This special focus is jointly sponsored by the Center for Discrete Mathematics and Theoretical Computer Science (DIMACS), the Biological, Mathematical, and Physical Sciences Interfaces Institute for Quantitative Biology (BioMaPS), and the Rutgers Center for Molecular Biophysics and Biophysical Chemistry (MB Center).
Over the last decade, biology has been transformed into a data-driven science. Through innovations in sequencing, high-throughput microscopy, mRNA expression arrays, protein-protein and protein-DNA binding assays, and numerous other high-throughput methods, it is now possible to query simultaneously the activities of thousands of genes and their products under a wide variety of experimental conditions.
The resulting data pose an exciting challenge for the field of machine learning.
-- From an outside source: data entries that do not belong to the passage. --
(* Let $A \in \mathbb{C}^{n \times n}$, and fix $A^-\in A\{1\}$ and $A^{GD}\in A\{GD\}$. For $X\in\mathbb{C}^{n\times n}$ the following are equivalent: (i) $X = A^{GD}AA^{-}$; (ii) $XA=A^{GD}A$ and $N(X)=N(AA^{-})$; (iii) $XAA^{GD}=A^{GD}AA^{GD}$ and $N(X)=N(AA^{-})$.
   Context: For $A\in\mathbb{C}^{n\times n}$, $ind(A)$ is the smallest nonnegative integer $k$ with $\mathrm{rank}(A^k)=\mathrm{rank}(A^{k+1})$. $A\{1\}$ is the set of matrices $X$ with $AXA=A$. With $k=ind(A)$, $A\{GD\}$ is the set of G-Drazin inverses of $A$: matrices $X$ with $AXA=A$, $XA^{k+1}=A^k$, $A^{k+1}X=A^k$. $N(\cdot)$ denotes null space. The matrix $A^{GD}AA^-$ is called the GD1 inverse of $A$ associated with $A^-$ and $A^{GD}$. *)

From mathcomp Require Import all_boot all_order all_algebra.
From mathcomp Require Import all_reals.
From mathcomp Require Import complex.
Set Implicit Arguments. Unset Strict Implicit. Unset Printing Implicit Defensive.
Import Order.TTheory GRing.Theory Num.Theory.
Local Open Scope ring_scope.

Definition is_ind {F : fieldType} {n : nat} (A : 'M[F]_n) (k : nat) : Prop :=
  \rank (A ^+ k) = \rank (A ^+ k.+1) /\
  (forall j : nat, (j < k)%N -> \rank (A ^+ j) <> \rank (A ^+ j.+1)).

Definition inner_inv {F : fieldType} {n : nat} (A X : 'M[F]_n) : Prop :=
  A *m X *m A = A.

Definition GD_inv {F : fieldType} {n : nat} (A X : 'M[F]_n) : Prop :=
  forall k, is_ind A k ->
    [/\ A *m X *m A = A, X *m A ^+ k.+1 = A ^+ k & A ^+ k.+1 *m X = A ^+ k].

Definition nullsp_eq {F : fieldType} {n : nat} (X Y : 'M[F]_n) : Prop :=
  forall v : 'cV[F]_n, X *m v = 0 <-> Y *m v = 0.

From mathcomp Require Import all_boot all_order all_algebra.
From mathcomp Require Import all_reals.
From mathcomp Require Import complex.
From mathcomp Require Import zify.
Set Implicit Arguments. Unset Strict Implicit. Unset Printing Implicit Defensive.
Import GRing.Theory Num.Theory.
Local Open Scope ring_scope.
Local Open Scope complex_scope.

(* The key fact is that N(M) <= N(Y) together with M P = M forces Y P = Y,
   because M (1 - P) = 0.  For (iii) => (i): X A = X (A A^GD A) =
   (A^GD A A^GD) A = A^GD A, and A A^- is idempotent with N(A A^-) <= N(X),
   so X = X A A^- = A^GD A A^-. *)

Section NullSpace.
Variables (R : pzRingType) (m n p : nat).
Implicit Types (M : 'M[R]_(m, n)) (Y : 'M[R]_(p, n)).

Lemma nullsp_sub_mulmx0 M Y q (B : 'M[R]_(n, q)) :
  (forall v : 'cV_n, M *m v = 0 -> Y *m v = 0) -> M *m B = 0 -> Y *m B = 0.
Proof.
move=> sub_MY MB0; apply/matrixP => i j.
have colM k (C : 'M_(k, n)) : col j (C *m B) = C *m col j B.
  by rewrite !colE mulmxA.
have /sub_MY : M *m col j B = 0 by rewrite -colM MB0 col0.
by move/matrixP/(_ i 0); rewrite -colM !mxE.
Qed.

Lemma nullsp_sub_mulmx_fix M Y (P : 'M[R]_n) :
  (forall v : 'cV_n, M *m v = 0 -> Y *m v = 0) -> M *m P = M -> Y *m P = Y.
Proof.
move=> sub_MY MP; apply/eqP; rewrite -subr_eq0 -{2}[Y]mulmx1 -mulmxBr.
apply/eqP; apply: nullsp_sub_mulmx0 sub_MY _.
by rewrite mulmxBr mulmx1 MP subrr.
Qed.

End NullSpace.

Lemma nullsp_eq_mull (F : fieldType) n (B C M : 'M[F]_n) :
  C *m B *m M = M -> nullsp_eq (B *m M) M.
Proof.
move=> CBM v; rewrite -mulmxA; split=> [BMv0 | ->]; last by rewrite mulmx0.
by rewrite -CBM -!mulmxA BMv0 mulmx0.
Qed.

Section Index.
Variables (F : fieldType) (n : nat) (A : 'M[F]_n).

Lemma mxrank_exprS_le j : (\rank (A ^+ j.+1) <= \rank (A ^+ j))%N.
Proof. by rewrite exprSr mxrankM_maxl. Qed.

Lemma is_ind_exists : exists k, is_ind A k.
Proof.
have /existsP[j /eqP rank_eq] : [exists j : 'I_n.+1, \rank (A ^+ j) == \rank (A ^+ j.+1)].
  apply: contraT => /existsPn rank_neq.
  suff rank_bound j : (j <= n.+1)%N -> (\rank (A ^+ j) + j <= n)%N.
    by have := rank_bound _ (leqnn _); lia.
  elim: j => [|j IHj] lt_j; first by rewrite expr0 mxrank1 addn0.
  have := rank_neq (Ordinal lt_j); have := mxrank_exprS_le j.
  by have := IHj (ltnW lt_j); rewrite /=; lia.
have ex_eq : exists j, \rank (A ^+ j) == \rank (A ^+ j.+1) by exists j; apply/eqP.
exists (ex_minn ex_eq); case: ex_minnP => k /eqP rank_k min_k; split=> // i lt_ik.
by move/eqP/min_k; rewrite leqNgt lt_ik.
Qed.

Lemma GD_inv_inner_inv G : GD_inv A G -> inner_inv A G.
Proof. by have [k /[swap] /[apply] -[]] := is_ind_exists. Qed.

End Index.

Theorem theorem2p6 (R : realType) (n : nat) (A Am AGD X : 'M[R[i]]_n) :
  inner_inv A Am -> GD_inv A AGD ->
  [<-> X = AGD *m A *m Am;
       X *m A = AGD *m A /\ nullsp_eq X (A *m Am);
       X *m A *m AGD = AGD *m A *m AGD /\ nullsp_eq X (A *m Am)].
Proof.
rewrite /inner_inv => AAmA /GD_inv_inner_inv; rewrite /inner_inv => AGDA.
tfae.
- move=> ->; split; first by rewrite -!mulmxA (mulmxA A Am) AAmA.
  by rewrite -mulmxA; apply: (nullsp_eq_mull (C := A)); rewrite !mulmxA AGDA.
- by case=> -> nullX; split.
- case=> XAAGD nullX.
  have XA : X *m A = AGD *m A.
    by rewrite -{1}AGDA !mulmxA XAAGD -(mulmxA AGD) -mulmxA AGDA.
  have X_AAm : X *m (A *m Am) = X.
    by apply: (nullsp_sub_mulmx_fix (fun v => (nullX v).2)); rewrite mulmxA AAmA.
  by rewrite -X_AAm mulmxA XA.
Qed.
Many of the model organisms (most notably S. cerevisiae) are of sufficient complexity to render detailed mathematical modeling intractable. However, it is still possible to try to learn quantitative models which are rich enough to fit data, yet simple enough to generalize and to be interpretable. Work by numerous groups suggests a promising future for more complex eukaryotes (e.g., C. elegans, S. pombe, or D. melanogaster).
Qualitatively new challenges to the machine learning community include the integration of heterogeneous datasets, such as sequence, binding, and expression data; the creation of models which are interpretable even to those not trained in probabilistic reasoning or statistical learning theory; and the presentation resulting models in a way useful to bench biologists as well as computational biologists.
This three-day workshop is designed to encourage interaction among innovators in computational biology and innovators in machine learning; to illuminate recent successes as well as pressing challenges; and to inspire the development of novel, biologically relevant, and biologically interpretable machine learning approaches to the current problems in biology.